Thursday, November 30, 2006

Bad News for a Noble Enterprise

Today's a bad day for my field. Political philosophy, the effort to think about political matters in moral terms, is among the more ambitious of intellectual enterprises. Many of the great figures of human thought have worked in political philosophy as a genre, including Plato, Aristotle, Augustine, Aquinas, Hobbes, and Locke.

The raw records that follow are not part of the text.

(* The extensions of a given prefix by [x] at level [k] are defined by an existential
   formula in [x], hence form a finite or cofinite set. *)
Lemma extendable_rcons p : extendable p -> exists x, extendable (rcons p x).
Proof.
move=> ext_p; pose j := size p.
apply: (nested_fin_or_cofin_inter uncountable
  (X := fun k x => exists2 e, extends e (rcons p x) & GRing.holds e (Phi k))).
- by move=> k x [e he /Phi_decr]; exists e.
- move=> k; have [e he Phik] := ext_p k; exists (nth 0 e j), e => // i.
  rewrite size_rcons ltnS leq_eqVlt nth_rcons => /orP [/eqP ->|lt_ij].
    by rewrite ltnn eqxx.
  by rewrite lt_ij he.
move=> k; apply: fin_or_cofin_ext (fin_or_cofin_holds
  (foldr (@GRing.Exists K) (Phi k) (iota j.+1 (M k))) p j) => x.
rewrite set_nthE ltnn subnn cats1.
split=> [/GRing.foldExistsP [e he Phik]|[e he Phik]].
  exists e => // i; rewrite size_rcons => lt_ij.
  by rewrite he // inE mem_iota negb_and -ltnNge lt_ij.
apply/GRing.foldExistsP; exists (mkseq (nth 0 e) (j.+1 + M k)).
  move=> i; rewrite inE mem_iota negb_and -ltnNge -leqNgt => /orP [lt|ge].
    by rewrite nth_mkseq ?ltn_addr // he // size_rcons.
  have le_i : (j.+1 <= i)%N by apply: leq_trans ge; apply: leq_addr.
  by rewrite !nth_default ?size_mkseq ?size_rcons.
by apply: Phi_local Phik => i lt_ik; rewrite nth_mkseq // ltn_addl.
Qed.

Definition extend_prefix (p : {p | extendable p}) : {p | extendable p} :=
  let: exist x hx := constructive_indefinite_description _ (extendable_rcons (svalP p))
  in exist _ (rcons (sval p) x) hx.

Definition prefix (j : nat) : seq K :=
  sval (iter j extend_prefix (exist _ [::] extendable_nil)).

Lemma prefixS j : exists x, prefix j.+1 = rcons (prefix j) x.
Proof.
rewrite /prefix /= /extend_prefix.
by case: (constructive_indefinite_description _ _) => x ? /=; exists x.
Qed.

Lemma prefix_extendable j : extendable (prefix j).
Proof. exact: svalP. Qed.

Lemma size_prefix j : size (prefix j) = j.
Proof. by elim: j => [|j IH] //; have [x ->] := prefixS j; rewrite size_rcons IH. Qed.

Lemma nth_prefix j d i : (i < j)%N -> nth 0 (prefix (j + d)) i = nth 0 (prefix j) i.
Proof.
move=> lt_ij; elim: d => [|d IH]; first by rewrite addn0.
rewrite addnS -IH.
have [x ->] := prefixS (j + d); rewrite nth_rcons size_prefix.
by rewrite (leq_trans lt_ij (leq_addr _ _)).
Qed.

Definition limit_assignment (i : nat) : K := nth 0 (prefix i.+1) i.

Lemma holds_limit_assignment k : GRing.holds (mkseq limit_assignment (M k)) (Phi k).
Proof.
have [e he Phik] := prefix_extendable (M k) k.
apply: Phi_local Phik => i lt_ik.
rewrite nth_mkseq // he ?size_prefix // /limit_assignment.
by rewrite -(subnKC lt_ik) nth_prefix.
Qed.

End FormulaCompactness.

Section Regroup.
Variables (K : fieldType) (m n : nat).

But political philosophy has its share of slimeballs as well. The German political thinker Carl Schmitt caddied for the Nazis. Likewise, Mihailo Markovic served the cause of Serbian nationalism under his brother-in-law Slobodan Milosevic. Now it turns out that Luis Echeverria, the former Mexican president was also a political philosopher. That would not be so bad except that Echeverria was responsible for massacres of Mexican students during the sixties. Today, the charges against him were reinstated.

The Shame!

Actually, it's worse. The Bush administration and their fellow travelers in the media have been loaded with people (actually men) with academic training in the right-wing views of Leo Strauss, a leading political philosopher at the University of Chicago after WWII. Key architects of Iraq invasion like Paul Wolfowitz and Douglas Feith were trained in Straussianism--the same with William Kristol.

My only consolation is that Bush administration Straussians might end up like Echeverria-- under arrest for their crimes against humanity.